Una sensación extraña. Pero si hubiera tenido que contarlo (aunque no sabría a quién hacerlo, porque cuando se habla entre varones de estas cosas, se tiende a mantenerse más a ras de suelo), habría dicho que habían alcanzado el orgasmo juntos a través de la mirada, como si en ese instante cada estímulo disperso por el cuerpo hubiera sido llamado a capítulo hasta el flujo de la mirada y desde allí hubiera hecho primero implosión y luego explosión.
Massimo se dio la vuelta hacia el otro lado y ella le frotó la cara bajo su brazo.
—¿Tienes frío? Tienes la piel de gallina…
—¿De gallina? No, si estás tú no tengo frío.
A Massimo se le vino a la cabeza otra locura que había hecho en los últimos días pero que se había guardado para sí mismo. Sacó del bolsillo un papelito arrugado y lo miró a la luz de la luna, que estaba saliendo y que pronto expulsaría a las pobres estrellas de San Lorenzo.
Suspiró. Se avergonzaba un poco:
—Mira, se me ha ocurrido hacerte un regalo para que te lo lleves contigo, visto que te marchas y no quiero que te olvides de Roma ni tampoco de mí.
—¡Imposible!
—Vale, vale, todo el mundo dice lo mismo, y luego… por ahora he querido ayudarte con esta canción que tanto te ha gustado, pero que era difícil de entender.

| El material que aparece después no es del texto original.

(* Let $G$ be a graph with finitely many vertices. Let $\alpha=\alpha_1\alpha_2\cdots\alpha_n$ be a path in $G$ such that there are infinitely many edges from $s(\alpha_1)$ to $r(\alpha_1)$. Let $E$ be the graph with: - vertex set $G^0$; - edge set $G^1\cup\{\alpha^m: m\in\mathbb N\}$, consisting of $G^1$ together with countably infinitely many new edges; - range and source maps extending those of $G$, with $r_E(\alpha^m)=r_G(\alpha)$ and $s_E(\alpha^m)=s_G(\alpha)$. Then $G\sim_M E$.
   Context: A graph $G=(G^0,G^1,r,s)$ has vertex set $G^0$, edge set $G^1$, and range/source maps; multiple (even infinitely many) edges and loops are allowed. A path is a sequence of edges $e_1\cdots e_n$ with $r(e_i)=s(e_{i+1})$; it has $s(e_1\cdots e_n)=s(e_1)$ and $r(e_1\cdots e_n)=r(e_n)$. A source receives no edges, a sink emits no edges, and an infinite emitter emits infinitely many edges. A vertex is singular if it is a sink or infinite emitter, and regular otherwise. Move-equivalence $\sim_M$ is the smallest equivalence relation on graphs with finitely many vertices such that $G\sim_M E$ whenever $E$ is isomorphic to a graph obtained from $G$ by one of the following moves. (S) Delete a regular source together with the edges it emits. (R) For a regular vertex $u$ emitting exactly one edge $f$, with $r(f)\neq u$, and all of whose incoming edges have the same source $v$: delete $u$, $f$ and the edges into $u$, and add for each $e\in r^{-1}(u)$ an edge $[ef]$ from $v$ to $r(f)$. (O) Out-splitting at a non-sink $v$ along a partition $\mathcal E_1,\dots,\mathcal E_n$ of $s^{-1}(v)$ with at most one infinite part. Replace $v$ by $v^1,\dots,v^n$. Each edge $e$ into $v$ becomes copies $e^1,\dots,e^n$ with $r(e^i)=v^i$ and source $s(e)$, or source $v^j$ if $s(e)=v$ and $e\in\mathcal E_j$. An edge from $v$ to $w\neq v$ lying in $\mathcal E_i$ gets source $v^i$. (I) In-splitting at a regular non-source $v$ along a partition $\mathcal E_1,\dots,\mathcal E_n$ of $r^{-1}(v)$. Replace $v$ by $v^1,\dots,v^n$. Each edge $e$ out of $v$ becomes copies $e^1,\dots,e^n$ with $s(e^i)=v^i$ and range $r(e)$, or range $v^j$ if $r(e)=v$ and $e\in\mathcal E_j$. An edge into $v$ from $w\neq v$ lying in $\mathcal E_i$ gets range $v^i$. *)

From Stdlib Require Import Relations List.
From mathcomp Require Import all_boot.
Set Implicit Arguments. Unset Strict Implicit. Unset Printing Implicit Defensive.

Record graph := Graph {
  gV : finType;
  gE : Type;
  gs : gE -> gV;
  gr : gE -> gV
}.

Definition finite_pred (A : Type) (P : A -> Prop) : Prop :=
  exists l : list A, forall a, P a -> List.In a l.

He hecho que me ayudaran a traducirla, aunque no ha resultado fácil.
Ella respondió únicamente con un suspiro y lo besó en la mejilla, él se lo tomó como una muestra de aliento, se incorporó, se aclaró la voz y empezó a cantar en un francés completamente suyo:
Rome ne pas me décevoir ce soir
Aide-moi afin qu’elle dise oui…
En el silencio que siguió a la incierta actuación (Massimo no entonaba demasiado bien, pero en ese clima de «o todo o nada» no se había preocupado demasiado, dado que con los ojos del amor una actuación desentonada y torcida tiene la misma fuerza que el Pavarotti de sus mejores años), Geneviève se acercó y le dio otro beso, como si ahora ya no supiera hacer otra cosa.
—¿Te ha gustado? —le preguntó.
—¡Con ganas! —respondió ella.
—Claro, ¡de ti siempre tengo ganas!
Luego él se dejó caer sobre ella y fue como volver a ver la misma escena de antes, igual pero diferente, todavía mejor, evidentemente, porque si uno está enamorado la vez más bonita es siempre la última, amenazada en su primacía tan solo por la próxima.
Aquella noche que nunca era suficiente se marchó volando en un instante y la vida real los sorprendió al amanecer un poco aturdidos, llevándolos reluctantes de regreso, a una hasta su cama, al otro detrás de la barra del bar Tiberi, respectivamente.